RECORDS START
Lemma star_Om : star f Om = Om.
Proof.
  destruct (star f Om) as [K|] eqn:E; [exfalso | reflexivity].
  destruct (lastw_Om_Fin f Hf Hlast (S K)) as [M HM].
  assert (Hge : wle (Fin (S K)) (star f (Fin (S M)))).
  { apply star_ge. rewrite HM. apply wle_refl. }
  pose proof (timewarp_mono _ star_timewarp _ _ (wle_Om (Fin (S M)))) as Hmono.
  rewrite E in Hmono. pose proof (wle_trans _ _ _ Hge Hmono). simpl in *; lia.
Qed.

Lemma star_Fin_neq_Om n : star f (Fin n) <> Om.
Proof.
  intro E. pose proof (star_residual (Fin n)) as Hres.
  rewrite E, (lastw_Om_fix f Hf Hlast), pw_Fin in Hres. exact Hres.
Qed.

Lemma lastw_star : lastw (star f) = Om.
Proof. apply lastw_Om_iff. intro n. rewrite star_Om. apply star_Fin_neq_Om. Qed.

End Residual.

(** * Diagrams *)

Section Diagram.
Variables (D : list sample) (d : sample -> wp).
Hypothesis Hs : saturated D.
Hypothesis Hd : diagram D d.

Lemma one_strongly_extends : strongly_extends (fun m => m) BOne D d.
Proof.
  destruct Hd as (_ & _ & _ & _ & _ & d_one & _).
  split; [|intros; apply lastw_id].
  intros a Ha. symmetry. exact (d_one a (Hs _ _ Ha (ld_app _ _)) Ha).
Qed.

Lemma comp_strongly_extends f g t u : timewarp g ->
  strongly_extends f t D d -> strongly_extends g u D d ->
  strongly_extends (fun m => f (g m)) (BComp t u) D d.
Proof.
  intros Hg [Ef Lf] [Eg Lg].
  destruct Hd as (_ & _ & _ & _ & _ & _ & _ & d_comp & d_comp_last & _).
  assert (Hin : forall a, In (SApp (BComp t u) a) D ->
    In (SApp t (SApp u a)) D /\ In (SApp u a) D).
  { intros a Ha. pose proof (Hs _ _ Ha (ld_comp _ _ _)) as Htu.
    split; [exact Htu | exact (Hs _ _ Htu (ld_app _ _))]. }
  split.
  - intros a Ha. destruct (Hin a Ha) as [Htu Hu].
    rewrite Eg, Ef by assumption. symmetry. apply d_comp; assumption.
  - intros [a Ha] Hlast. destruct (Hin a Ha) as [Htu Hu].
    pose proof (Hs _ _ (Hs _ _ Ha (ld_last _ _)) (ld_app _ _)) as Hl.
    pose proof (Hs _ _ (Hs _ _ Htu (ld_last _ _)) (ld_app _ _)) as Hlt.
    pose proof (Hs _ _ (Hs _ _ Hu (ld_last _ _)) (ld_app _ _)) as Hlu.
    destruct (d_comp_last t u Hl Hlt Hlu Hlast) as [Lt Lu].
    apply lastw_comp; [exact Hg | apply Lf | apply Lg].
    + exists (SApp u a); exact Htu.
    + exact Lt.
    + exists a; exact Hu.
    + exact Lu.
Qed.

Section Star.
Variables (f : wp -> wp) (t : bterm).
Hypothesis Hf : timewarp f.
Hypothesis Hext : strongly_extends f t D d.

Lemma star_extends_Fin a n : In (SApp (BStar t) a) D -> d a = Fin n ->
  star f (Fin n) = d (SApp (BStar t) a).
Proof.
  intros Ha Hn.
  destruct Hd as (_ & d_zero & d_suc & _ & _ & _ & _ & _ & _ & d_star_below & d_star_above & _).
  pose proof (Hs _ _ Ha (ld_app _ _)) as Ia.
  pose proof (Hs _ _ Ha (ld_star1 _ _)) as Htb.
  pose proof (Hs _ _ Ha (ld_star2 _ _)) as Htsb.
  pose proof (Hs _ _ Htsb (ld_app _ _)) as Hsb.
  set (b := SApp (BStar t) a) in *.
  destruct n as [|j].
  - rewrite (timewarp_0 _ (star_timewarp f Hf)). symmetry. exact (d_zero _ _ Ia Ha Hn).
  - assert (Habove : d b <> Om -> wle (Fin (S j)) (f (Sw (d b)))).
    { intro Hfin. rewrite <- Hn, <- (d_suc b Ha Hsb), (proj1 Hext _ Htsb).
      apply d_star_above; [assumption.. | split; [apply wle_Om | exact Hfin]]. }
    apply wle_antisym.
    + destruct (d b) as [k|] eqn:Hk; [|apply wle_Om].
      apply star_le; [exact Hf|]. rewrite pw_Fin. intro Hle.
      pose proof (wle_trans _ _ _ (Habove ltac:(discriminate)) Hle). simpl in *; lia.
    + apply star_ge; [exact Hf|]. apply wlt_Fin_S.
      rewrite <- Hn, (proj1 Hext _ Htb). apply d_star_below; [assumption.. | |];
        rewrite Hn; split; simpl; (lia || discriminate || exact I).
Qed.

Lemma lastw_Om_of_star : (exists a, In (SApp (BStar t) a) D) ->
  d (SLast (BStar t)) = Om -> lastw f = Om.
Proof.
  destruct Hd as (_ & _ & _ & _ & _ & _ & _ & _ & _ & _ & _ & d_star_last).
  intros [a Ha] Hlast.
  pose proof (Hs _ _ Ha (ld_star1 _ _)) as Htb.
  apply (proj2 Hext); [exists (SApp (BStar t) a); exact Htb|].
  apply d_star_last; [| | exact Hlast].
  - exact (Hs _ _ (Hs _ _ Ha (ld_last _ _)) (ld_app _ _)).
  - exact (Hs _ _ (Hs _ _ Htb (ld_last _ _)) (ld_app _ _)).
Qed.

Lemma star_extends_Om a : In (SApp (BStar t) a) D -> d a = Om ->
  star f Om = d (SApp (BStar t) a).
Proof.
  intros Ha Hom.
  destruct Hd as (_ & _ & d_suc & d_last & d_last_Om & _ & _ & _ & _ & _ & d_star_above & _).
  pose proof (Hs _ _ Ha (ld_app _ _)) as Ia.
  pose proof (Hs _ _ Ha (ld_star2 _ _)) as Htsb.
  pose proof (Hs _ _ Htsb (ld_app _ _)) as Hsb.
  pose proof (Hs _ _ Ha (ld_last _ _)) as Hbl.
  pose proof (Hs _ _ Hbl (ld_app _ _)) as Hl.
  assert (Hsame : d (SApp (BStar t) (SLast (BStar t))) = d (SApp (BStar t) a)).
  { apply (d_last _ _ Ha Ia Hl Hbl). rewrite Hom. apply wle_Om. }
  destruct (d (SLast (BStar t))) as [n|] eqn:Hn.
  - set (b := SApp (BStar t) a) in *.
    apply wle_antisym.
    + destruct (d b) as [k|] eqn:Hk; [|apply wle_Om].
      assert (Hjump : f (Fin (S k)) = Om).
      { apply Om_wle_eq. rewrite <- Hom. change (Fin (S k)) with (Sw (Fin k)).
        rewrite <- Hk, <- (d_suc b Ha Hsb), (proj1 Hext _ Htsb).
        apply d_star_above; [assumption.. |]. fold b; rewrite Hk. split; [exact I | discriminate]. }
      apply timewarp_Om_le; [exact (star_timewarp f Hf)|]. intro m.
      apply star_le; [exact Hf|]. rewrite Hjump, pw_Fin. exact (fun H => H).
    + rewrite <- Hsame, <- (star_extends_Fin _ n Hbl Hn).
      apply timewarp_mono, wle_Om. exact (star_timewarp f Hf).
  - rewrite <- Hsame, (d_last_Om _ Hl Hbl Hn).
    apply star_Om; [exact Hf|]. apply lastw_Om_of_star; [exists a; exact Ha | exact Hn].
Qed.

Lemma star_strongly_extends : strongly_extends (star f) (BStar t) D d.
Proof.
  split.
  - intros a Ha. destruct (d a) as [n|] eqn:Hn.
    + exact (star_extends_Fin a n Ha Hn).
    + exact (star_extends_Om a Ha Hn).
  - intros Hex Hlast. apply lastw_star; [exact Hf|]. exact (lastw_Om_of_star Hex Hlast).
Qed.

End Star.
End Diagram.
RECORDS END
(EXERCISE)
Output the listing exactly.

(SOLUTION)
Lemma star_Om : star f Om = Om.
Proof.
  destruct (star f Om) as [K|] eqn:E; [exfalso | reflexivity].
  destruct (lastw_Om_Fin f Hf Hlast (S K)) as [M HM].
  assert (Hge : wle (Fin (S K)) (star f (Fin (S M)))).
  { apply star_ge. rewrite HM. apply wle_refl. }
  pose proof (timewarp_mono _ star_timewarp _ _ (wle_Om (Fin (S M)))) as Hmono.
  rewrite E in Hmono. pose proof (wle_trans _ _ _ Hge Hmono). simpl in *; lia.
Qed.

Lemma star_Fin_neq_Om n : star f (Fin n) <> Om.
Proof.
  intro E. pose proof (star_residual (Fin n)) as Hres.
  rewrite E, (lastw_Om_fix f Hf Hlast), pw_Fin in Hres. exact Hres.
Qed.

Lemma lastw_star : lastw (star f) = Om.
Proof. apply lastw_Om_iff. intro n. rewrite star_Om. apply star_Fin_neq_Om. Qed.

End Residual.

(** * Diagrams *)

Section Diagram.
Variables (D : list sample) (d : sample -> wp).
Hypothesis Hs : saturated D.
Hypothesis Hd : diagram D d.

Lemma one_strongly_extends : strongly_extends (fun m => m) BOne D d.
Proof.
  destruct Hd as (_ & _ & _ & _ & _ & d_one & _).
  split; [|intros; apply lastw_id].
  intros a Ha. symmetry. exact (d_one a (Hs _ _ Ha (ld_app _ _)) Ha).
Qed.

Lemma comp_strongly_extends f g t u : timewarp g ->
  strongly_extends f t D d -> strongly_extends g u D d ->
  strongly_extends (fun m => f (g m)) (BComp t u) D d.
Proof.
  intros Hg [Ef Lf] [Eg Lg].
  destruct Hd as (_ & _ & _ & _ & _ & _ & _ & d_comp & d_comp_last & _).
  assert (Hin : forall a, In (SApp (BComp t u) a) D ->
    In (SApp t (SApp u a)) D /\ In (SApp u a) D).
  { intros a Ha. pose proof (Hs _ _ Ha (ld_comp _ _ _)) as Htu.
    split; [exact Htu | exact (Hs _ _ Htu (ld_app _ _))]. }
  split.
  - intros a Ha. destruct (Hin a Ha) as [Htu Hu].
    rewrite Eg, Ef by assumption. symmetry. apply d_comp; assumption.
  - intros [a Ha] Hlast. destruct (Hin a Ha) as [Htu Hu].
    pose proof (Hs _ _ (Hs _ _ Ha (ld_last _ _)) (ld_app _ _)) as Hl.
    pose proof (Hs _ _ (Hs _ _ Htu (ld_last _ _)) (ld_app _ _)) as Hlt.
    pose proof (Hs _ _ (Hs _ _ Hu (ld_last _ _)) (ld_app _ _)) as Hlu.
    destruct (d_comp_last t u Hl Hlt Hlu Hlast) as [Lt Lu].
    apply lastw_comp; [exact Hg | apply Lf | apply Lg].
    + exists (SApp u a); exact Htu.
    + exact Lt.
    + exists a; exact Hu.
    + exact Lu.
Qed.

Section Star.
Variables (f : wp -> wp) (t : bterm).
Hypothesis Hf : timewarp f.
Hypothesis Hext : strongly_extends f t D d.

Lemma star_extends_Fin a n : In (SApp (BStar t) a) D -> d a = Fin n ->
  star f (Fin n) = d (SApp (BStar t) a).
Proof.
  intros Ha Hn.
  destruct Hd as (_ & d_zero & d_suc & _ & _ & _ & _ & _ & _ & d_star_below & d_star_above & _).
  pose proof (Hs _ _ Ha (ld_app _ _)) as Ia.
  pose proof (Hs _ _ Ha (ld_star1 _ _)) as Htb.
  pose proof (Hs _ _ Ha (ld_star2 _ _)) as Htsb.
  pose proof (Hs _ _ Htsb (ld_app _ _)) as Hsb.
  set (b := SApp (BStar t) a) in *.
  destruct n as [|j].
  - rewrite (timewarp_0 _ (star_timewarp f Hf)). symmetry. exact (d_zero _ _ Ia Ha Hn).
  - assert (Habove : d b <> Om -> wle (Fin (S j)) (f (Sw (d b)))).
    { intro Hfin. rewrite <- Hn, <- (d_suc b Ha Hsb), (proj1 Hext _ Htsb).
      apply d_star_above; [assumption.. | split; [apply wle_Om | exact Hfin]]. }
    apply wle_antisym.
    + destruct (d b) as [k|] eqn:Hk; [|apply wle_Om].
      apply star_le; [exact Hf|]. rewrite pw_Fin. intro Hle.
      pose proof (wle_trans _ _ _ (Habove ltac:(discriminate)) Hle). simpl in *; lia.
    + apply star_ge; [exact Hf|]. apply wlt_Fin_S.
      rewrite <- Hn, (proj1 Hext _ Htb). apply d_star_below; [assumption.. | |];
        rewrite Hn; split; simpl; (lia || discriminate || exact I).
Qed.

Lemma lastw_Om_of_star : (exists a, In (SApp (BStar t) a) D) ->
  d (SLast (BStar t)) = Om -> lastw f = Om.
Proof.
  destruct Hd as (_ & _ & _ & _ & _ & _ & _ & _ & _ & _ & _ & d_star_last).
  intros [a Ha] Hlast.
  pose proof (Hs _ _ Ha (ld_star1 _ _)) as Htb.
  apply (proj2 Hext); [exists (SApp (BStar t) a); exact Htb|].
  apply d_star_last; [| | exact Hlast].
  - exact (Hs _ _ (Hs _ _ Ha (ld_last _ _)) (ld_app _ _)).
  - exact (Hs _ _ (Hs _ _ Htb (ld_last _ _)) (ld_app _ _)).
Qed.

Lemma star_extends_Om a : In (SApp (BStar t) a) D -> d a = Om ->
  star f Om = d (SApp (BStar t) a).
Proof.
  intros Ha Hom.
  destruct Hd as (_ & _ & d_suc & d_last & d_last_Om & _ & _ & _ & _ & _ & d_star_above & _).
  pose proof (Hs _ _ Ha (ld_app _ _)) as Ia.
  pose proof (Hs _ _ Ha (ld_star2 _ _)) as Htsb.
  pose proof (Hs _ _ Htsb (ld_app _ _)) as Hsb.
  pose proof (Hs _ _ Ha (ld_last _ _)) as Hbl.
  pose proof (Hs _ _ Hbl (ld_app _ _)) as Hl.
  assert (Hsame : d (SApp (BStar t) (SLast (BStar t))) = d (SApp (BStar t) a)).
  { apply (d_last _ _ Ha Ia Hl Hbl). rewrite Hom. apply wle_Om. }
  destruct (d (SLast (BStar t))) as [n|] eqn:Hn.
  - set (b := SApp (BStar t) a) in *.
    apply wle_antisym.
    + destruct (d b) as [k|] eqn:Hk; [|apply wle_Om].
      assert (Hjump : f (Fin (S k)) = Om).
      { apply Om_wle_eq. rewrite <- Hom. change (Fin (S k)) with (Sw (Fin k)).
        rewrite <- Hk, <- (d_suc b Ha Hsb), (proj1 Hext _ Htsb).
        apply d_star_above; [assumption.. |]. fold b; rewrite Hk. split; [exact I | discriminate]. }
      apply timewarp_Om_le; [exact (star_timewarp f Hf)|]. intro m.
      apply star_le; [exact Hf|]. rewrite Hjump, pw_Fin. exact (fun H => H).
    + rewrite <- Hsame, <- (star_extends_Fin _ n Hbl Hn).
      apply timewarp_mono, wle_Om. exact (star_timewarp f Hf).
  - rewrite <- Hsame, (d_last_Om _ Hl Hbl Hn).
    apply star_Om; [exact Hf|]. apply lastw_Om_of_star; [exists a; exact Ha | exact Hn].
Qed.

Lemma star_strongly_extends : strongly_extends (star f) (BStar t) D d.
Proof.
  split.
  - intros a Ha. destruct (d a) as [n|] eqn:Hn.
    + exact (star_extends_Fin a n Ha Hn).
    + exact (star_extends_Om a Ha Hn).
  - intros Hex Hlast. apply lastw_star; [exact Hf|]. exact (lastw_Om_of_star Hex Hlast).
Qed.

End Star.
End Diagram.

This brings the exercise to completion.